IA ajudará polícia a analisar casos de violência contra mulher
Digitalização será adotada em todas as delegacias gaúchas na coleta e análise de dados das ocorrências

A Polícia Civil do Rio Grande do Sul passa a utilizar, a partir de segunda-feira (11), uma ferramenta de inteligência artificial para qualificar o registro e a análise de ocorrências de violência contra a mulher. A digitalização será adotada em todas as delegacias do Estado.
A tecnologia será aplicada no Formulário Nacional de Avaliação de Risco (Fonar), documento preenchido quando a vítima registra ocorrência em uma delegacia física ou pela Delegacia Online do Rio Grande do Sul (DOL). Na corporação, o formulário está disponível no módulo Ocorrência do Sistema de Polícia Judiciária (SPJ).
Nos atendimentos presenciais, o Fonar poderá continuar sendo preenchido diretamente no sistema pelos policiais ou de forma híbrida — em documento impresso respondido pela vítima e posteriormente digitalizado. Com a nova ferramenta, a inteligência artificial atuará na interpretação das respostas durante o processo de digitalização, estruturando os dados de forma automatizada.

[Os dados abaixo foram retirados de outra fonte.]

Section GridSampling.
Variable R : realType.
Variables (n : nat) (Rr : 'I_n -> R) (M : nat).

Definition grid_point (j : {ffun 'I_n -> 'I_M}) : 'I_n -> R :=
  fun i => Rr i * (j i)%:R / M%:R.

Definition grid_pairing (k m : mindex n) : R :=
  \sum_(j : {ffun 'I_n -> 'I_M})
    cos_mode Rr m (grid_point j) * cos (theta Rr k (grid_point j)).

Lemma normr_grid_pairing_le (k m : mindex n) :
  `|grid_pairing k m| <= mode_bound Rr * (M ^ n)%:R.
Proof.
rewrite /grid_pairing (le_trans (ler_norm_sum _ _ _)) //.
have -> : (M ^ n)%:R = \sum_(j : {ffun 'I_n -> 'I_M}) (1 : R).
  by rewrite sumr_const card_ffun !card_ord.
rewrite mulr_sumr; apply: ler_sum => j _; rewrite normrM.
by apply: ler_pM; rewrite ?normr_ge0 ?normr_cos_mode_le ?cos_max.
Qed.

Hypothesis Rr_gt0 : forall i, 0 < Rr i.

Lemma theta_grid_point (m : mindex n) j : (0 < M)%N ->
  theta Rr m (grid_point j) = grid_phase (fun i => (m i)%:R) j.
Proof.
move=> M_gt0; rewrite /theta /grid_phase /grid_point.
congr (_ * _); apply: eq_bigr => i _.
have Ri := Rr_gt0 i; have : (0 : R) < M%:R by rewrite ltr0n.
by move=> M_pos; field; rewrite !gt_eqF.
Qed.

(* [M > 2 L] keeps the sums [m_i + k_i] from wrapping around the grid. *)
Lemma grid_pairing_eq (L : nat) (k m : mindex n) : (2 * L < M)%N ->
  (forall i, k i <= L)%N -> (forall i, m i <= L)%N ->
  grid_pairing k m = if asbool (m = k) then mode_weight Rr k * (M ^ n)%:R else 0.
Proof.
move=> LM kL mL.
have kM i : (k i < M)%N.
  by apply: leq_ltn_trans LM; rewrite (leq_trans (kL i)) // leq_pmull.
have mM i : (m i < M)%N.
  by apply: leq_ltn_trans LM; rewrite (leq_trans (mL i)) // leq_pmull.
have M_gt0 : (0 < M)%N by apply: leq_ltn_trans LM.
have sum_cos := @sum_cos_grid_phase R n M M_gt0.
rewrite /grid_pairing /cos_mode /mode_weight.
under eq_bigr do rewrite !theta_grid_point //.
case: (pselect (is_zero_mode m)) => [zm | nzm].
  have m0 : m = (fun _ => 0%N) by apply: funext.
  rewrite asboolT // -mulr_sumr (sum_cos k (fun _ => 0%N)) //; last first.
    by move=> i; rewrite subr0.
  case: (pselect (k = fun _ => 0%N)) => [k0 | nk0].
    by rewrite !asboolT // ?m0 ?k0.
  by rewrite !asboolF ?mulr0 // m0 => /esym.
rewrite asboolF //.
have cos_prod (j : {ffun 'I_n -> 'I_M}) :
    Num.sqrt (2 / volP Rr) * cos (grid_phase (fun i => (m i)%:R) j)
      * cos (grid_phase (fun i => (k i)%:R) j)
    = Num.sqrt (2 / volP Rr) / 2 * (cos (grid_phase (fun i => (m i)%:R - (k i)%:R) j)
      + cos (grid_phase (fun i => (m i)%:R + (k i)%:R) j)).
  by rewrite -grid_phaseB -grid_phaseD cosB cosD; field.
have sum_sum : \sum_(j : {ffun 'I_n -> 'I_M})
    cos (grid_phase (fun i => (m i)%:R + (k i)%:R) j) = 0 :> R.
  rewrite (sum_cos (fun i => m i + k i)%N (fun _ => 0%N)).
  - rewrite asboolF // => mk0; apply: nzm => i.
    by have /eqP := congr1 (fun p => p i) mk0; rewrite addn_eq0 => /andP[/eqP].
  - by move=> i; rewrite (leq_ltn_trans _ LM) // mul2n -addnn leq_add.
  - by [].
  - by move=> i; rewrite subr0 natrD.
under eq_bigr do rewrite cos_prod.
rewrite -mulr_sumr big_split /= sum_sum addr0 (sum_cos m k) //.
case: (pselect (m = k)) => [mk | nmk]; last by rewrite asboolF ?mulr0.
have nzk : ~ is_zero_mode k by rewrite -mk.
by rewrite (asboolT mk) (asboolF nzk).
Qed.
Lemma sub_cos_mul_zsum_cos (f : Z -> R) a b x th phi :
  (a <= b + 1)%Z -> (forall k, (k < a \/ b < k)%Z -> f k = 0) ->
  (x - cos th) * zsum a b (fun k => f k * cos (phi + IZR k * th)) =
  zsum (a - 1) (b + 1) (fun k =>
    (x * f k - / 2 * f (k - 1)%Z - / 2 * f (k + 1)%Z) * cos (phi + IZR k * th)).
Proof.
  intros Hab Hf.
  set (c := fun k => cos (phi + IZR k * th)).
  rewrite (zsum_ext (a - 1) (b + 1) _ (fun k =>
      x * (f k * c k) + - / 2 * (f (k + -1)%Z * c (k + -1 + 1)%Z)
      + - / 2 * (f (k + 1)%Z * c (k + 1 + -1)%Z)))
    by (intros k _; unfold c; replace (k + -1 + 1)%Z with k by ring;
        replace (k + 1 + -1)%Z with k by ring; replace (k + -1)%Z with (k - 1)%Z by ring;
        ring).
  rewrite !zsum_plus, !zsum_scal.
  rewrite (zsum_shift (a - 1) (b + 1) (-1) (fun j => f j * c (j + 1)%Z)),
          (zsum_shift (a - 1) (b + 1) 1 (fun j => f j * c (j + -1)%Z)).
  rewrite (zsum_widen a b (a - 1) (b + 1)), (zsum_widen a b (a - 1 + -1) (b + 1 + -1)),
    (zsum_widen a b (a - 1 + 1) (b + 1 + 1))
    by (lia || (intros k Hk; rewrite Hf by lia; ring)).
  assert (Hneighbours :
    zsum a b (fun j => f j * c (j + 1)%Z) + zsum a b (fun j => f j * c (j + -1)%Z)
    = 2 * cos th * zsum a b (fun j => f j * c j)).
  { rewrite <- zsum_plus, <- zsum_scal. apply zsum_ext. intros k _. unfold c.
    rewrite !plus_IZR.
    replace (phi + (IZR k + 1) * th) with (phi + IZR k * th + th) by ring.
    replace (phi + (IZR k + -1) * th) with (phi + IZR k * th - th) by ring.
    rewrite cos_plus, cos_minus. ring. }
  unfold c in *. lra.
Qed.
Theorem hahn_banach_graph G0 : dominated_graph G0 -> G0 (0, 0) ->
  exists f : V -> R, [/\ scalar f, forall x, f x <= p x &
                         forall x a, G0 (x, a) -> f x = a].
Proof.
move=> G0_dom G000.
(* set0 is allowed in Q because Zorn_bigcup also needs the empty chain. *)
pose Q G := dominated_graph G /\ (G = set0 \/ G0 `<=` G).
have [A [[A_dom A0] A_max]] : exists A, Q A /\ forall B, A `<` B -> ~ Q B.
  apply: Zorn_bigcup => Gs GsQ Gs_tot; split.
    by apply: dominated_graph_bigcup Gs_tot => G /GsQ[].
  have [[G GsG G0G]|noG] := pselect (exists2 G, Gs G & G0 `<=` G).
    by right=> q G0q; exists G => //; exact: G0G.
  left; apply/seteqP; split=> [q [G GsG Gq]|//].
  by case: (GsQ _ GsG) => _ [G_nil|G0G]; [rewrite G_nil in Gq | case: noG; exists G].
have G0A : G0 `<=` A.
  case: A0 => // A0; exfalso; apply: (A_max G0); last by split; [|right].
  by rewrite A0; split=> // /(_ _ G000).
have A_total x : exists a, A (x, a).
  apply: contrapT => Ax.
  have [c [lb ub]] := graph_ext_constant x A_dom (G0A _ G000).
  apply: (A_max (graph_ext A x c)).
    split; first exact: graph_ext_sub.
    by move=> /(_ _ (graph_ext_point x c (G0A _ G000))) Axc; apply: Ax; exists c.
  split; first exact: dominated_graph_ext.
  by right; apply: subset_trans G0A (graph_ext_sub _ _).
have [f Af] := choice A_total; have [Afun AD AZ Ap] := A_dom.
exists f; split=> [t x y|x|x a G0xa].
- exact: Afun (Af _) (AD _ _ _ _ (AZ t _ _ (Af x)) (Af y)).
- exact: Ap (Af x).
- exact: Afun (Af x) (G0A _ G0xa).
Qed.

Corollary hahn_banach_point z :
  exists f : V -> R, [/\ scalar f, forall x, f x <= p x & f z = p z].
Proof.
have origin_dom : dominated_graph [set (0, 0)].
  split=> [x a b [_ ->] [_ ->] //|x a y b [-> ->] [-> ->]|t x a [-> ->]|x a [-> ->]].
  - by rewrite /= !addr0.
  - by rewrite /= scaler0 mulr0.
  - by rewrite seminorm0.
have [->|z0] := eqVneq z 0.
  have [f [fL fp f0]] := hahn_banach_graph origin_dom erefl.
  by exists f; split=> //; rewrite seminorm0 (f0 0 0).
have Gz_dom : dominated_graph (graph_ext [set (0, 0)] z (p z)).
  apply: dominated_graph_ext => //.
  - by case=> a [/eqP]; rewrite (negbTE z0).
  - by move=> d a [-> ->]; rewrite !sub0r seminormN; have := seminorm_ge0 z; lra.
  - by move=> d a [-> ->]; rewrite add0r subr0.
have [f [fL fp fG]] := hahn_banach_graph Gz_dom (graph_ext_sub _ _ (erefl (0, 0))).
by exists f; split=> //; apply: fG; exact: graph_ext_point.
Qed.

End HahnBanach.

Lemma separating_dual_real (R : realType) (F : normedModType R) :
  separating_dual F.
Proof.
move=> z z0.
have [f [fL f_le fz]] := hahn_banach_point (@ler_normD _ F) (@normrZ _ F) z.
have f_bound x : `|f x| <= 1 * `|x|.
  by rewrite mul1r ler_norml f_le andbT lerNl -scalarN // -normrN f_le.
have fz0 : f z != 0 by rewrite fz normr_eq0.
exists (fun x => (f z)^-1 * f x); last by rewrite mulVf.
apply: continuous_scalarZ; split=> //.
exact: bounded_zmod_morphism_continuous (zmod_morphism_linear fL) ltr01 f_bound.
Qed.

Local Open Scope complex_scope.
(* [Num.Theory] shadows [complex.Re]. *)
Local Notation Re := complex.Re.

Section Realified.
Variables (R : realType) (V : lmodType R[i]).

Definition realified : Type := V.
HB.instance Definition _ := GRing.Zmodule.on realified.

Let scale_real (t : R) (x : realified) : realified := t%:C *: (x : V).

Fact scale_realA t u x : scale_real t (scale_real u x) = scale_real (t * u) x.
Proof. by rewrite /scale_real scalerA rmorphM. Qed.

Fact scale_real1 : left_id 1 scale_real.
Proof. by move=> x; rewrite /scale_real rmorph1 scale1r. Qed.

Fact scale_realDr : right_distributive scale_real +%R.
Proof. by move=> t x y; rewrite /scale_real scalerDr. Qed.

Fact scale_realDl x : {morph scale_real^~ x : t u / t + u}.
Proof. by move=> t u; rewrite /scale_real rmorphD scalerDl. Qed.

HB.instance Definition _ := GRing.Zmodule_isLmodule.Build R realified
  scale_realA scale_real1 scale_realDr scale_realDl.

End Realified.

Section ComplexFacts.
Variable R : realType.

Lemma normc_real (t : R) : `|t%:C| = `|t|%:C.
Proof. by rewrite normc_def /= expr0n addr0 sqrtr_sqr. Qed.

Lemma normc_i : `|'i| = 1 :> R[i].
Proof. by rewrite normc_def /= expr0n add0r expr1n sqrtr1. Qed.

Lemma ReD (a b : R[i]) : Re (a + b) = Re a + Re b.
Proof. by case: a; case: b. Qed.

Lemma Re_realM (t : R) (w : R[i]) : Re (t%:C * w) = t * Re w.
Proof. by case: w => a b /=; rewrite mul0r subr0. Qed.

End ComplexFacts.

Section Complexified.
Variables (R : realType) (V : lmodType R[i]) (u : realified V -> R).
Hypothesis uL : scalar u.

Definition complexified (x : V) : R[i] := (u x)%:C - 'i * (u ('i *: x))%:C.

Let uD (x y : V) : u (x + y) = u x + u y := @scalarD _ (realified V) u x y uL.
Let uR t (x : V) : u (t%:C *: x) = t * u x := @scalable_linear _ (realified V) _ _ u uL t x.
Let uN (x : V) : u (- x) = - u x := @scalarN _ (realified V) u x uL.

Lemma Re_complexified x : Re (complexified x) = u x.
Proof. by rewrite /complexified /= mul0r mulr0 !subr0. Qed.

Lemma complexified_scalar : scalar complexified.
Proof.
have gD x y : complexified (x + y) = complexified x + complexified y.
  by rewrite /complexified scalerDr !uD !rmorphD mulrDr addrACA opprD.
have gR t x : complexified (t%:C *: x) = t%:C * complexified x.
  rewrite /complexified.
  have -> : 'i *: (t%:C *: x) = t%:C *: ('i *: x) by rewrite !scalerA mulrC.
  by rewrite !uR !rmorphM mulrBr mulrCA.
have gI x : complexified ('i *: x) = 'i * complexified x.
  rewrite /complexified scalerA -expr2 sqr_i scaleN1r uN rmorphN mulrN opprK.
  by rewrite mulrBr mulrA -expr2 sqr_i mulN1r opprK addrC.
move=> a x y; rewrite gD; congr (_ + _).
rewrite [in LHS](complexE a) scalerDl -scalerA gD gR gI gR.
by rewrite [in RHS](complexE a) mulrDl mulrA.
Qed.

End Complexified.

Lemma complexified_bound (R : realType) (F : normedModType R[i])
    (u : realified F -> R) :
  (forall y : F, `|(u y)%:C| <= `|y|) ->
  forall x, `|complexified u x| <= 2%:R * `|x|.
Proof.
move=> u_bound x; apply: (le_trans (ler_normB _ _)).
rewrite normrM normc_i mul1r mulr2n mulrDl mul1r lerD //.
by have := u_bound ('i *: x); rewrite normrZ normc_i mul1r.
Qed.

Lemma separating_dual_complex (R : realType) (F : normedModType R[i]) :
  separating_dual F.
Proof.
move=> z z0.
pose p (x : realified F) : R := Re `|x : F|.
have p_subadd x y : p (x + y) <= p x + p y.
  by have := ler_normD (x : F) y; rewrite lecE ReD => /andP[].
have p_homog t x : p (t *: x) = `|t| * p x.
  by rewrite /p (normrZ t%:C (x : F)) normc_real Re_realM.
have [u [uL u_le uz]] := hahn_banach_point p_subadd p_homog z.
have u_bound (x : F) : `|(u x)%:C| <= `|x|.
  rewrite normc_real -(RRe_real (normr_real x)) lecR ler_norml u_le andbT.
  rewrite lerNl -(@scalarN _ (realified F)) //.
  by have := u_le (- x); rewrite /p normrN.
have gz0 : complexified u z != 0.
  apply/eqP => gz_eq0; have Re_z : Re `|z| = Re 0.
    by rewrite -gz_eq0 Re_complexified uz.
  by have := normr_gt0 z; rewrite z0 ltcE Re_z ltxx andbF.
exists (fun x => (complexified u z)^-1 * complexified u x); last by rewrite mulVf.
have gL := complexified_scalar uL.
apply: continuous_scalarZ; split=> //.
exact: bounded_zmod_morphism_continuous (zmod_morphism_linear gL) (ltr0Sn _ 1)
  (complexified_bound u_bound).
Qed.

Lemma thm13_over_of_separating_dual (K : numFieldType) :
  (forall F : completeNormedModType K, separating_dual F) -> thm13_over K.
Proof.
move=> sepK E F m P _ _; split.
- by move=> Pfin k _; exact: Delta_finite_rank_of_finite_rank.
- by move=> DeltaP; exists 1%N; split=> //; exact: DeltaP.
- by move=> [k [k_gt0 DeltaP]]; exact: finite_rank_of_Delta (sepK F) k_gt0 DeltaP.
Qed.

Theorem mainTheorem13 (R : realType) : thm13_over R /\ thm13_over R[i].
Proof.
split; apply: thm13_over_of_separating_dual => F.
  exact: separating_dual_real.
exact: separating_dual_complex.
Qed.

Segundo a instituição, a medida permitirá armazenar as informações de maneira mais organizada e padronizada. Os dados irão compor estatísticas, relatórios e mapas que devem subsidiar decisões e políticas públicas nas esferas estadual e nacional, ampliando as ações da Secretaria da Segurança Pública do Rio Grande do Sul.
A iniciativa integra as estratégias do governo estadual para fortalecer o enfrentamento à violência doméstica e familiar, especialmente nos casos relacionados à Lei Maria da Penha. A expectativa é que a ferramenta auxilie na identificação de fatores de risco e na avaliação da gravidade das ocorrências.
Para a diretora da Divisão de Sistemas do Departamento de Tecnologia da Informação Policial (DTIP) e da DOL, delegada Viviane Pinto, o uso da IA representa um avanço estratégico. “A ferramenta traz mais proteção, prevenção e cuidado com as mulheres. A análise e a estruturação dos dados podem facilitar o atendimento e agilizar o encaminhamento ao Judiciário”, afirmou.
Instituído em 2020, o Fonar integra a Política Judiciária Nacional de Enfrentamento à Violência contra as Mulheres. O formulário é composto por questões objetivas e subjetivas e deve ser aplicado preferencialmente no momento do registro da ocorrência. Após a coleta, passa a integrar inquéritos e procedimentos, subsidiando pedidos de Medidas Protetivas de Urgência e outras ações da rede de proteção.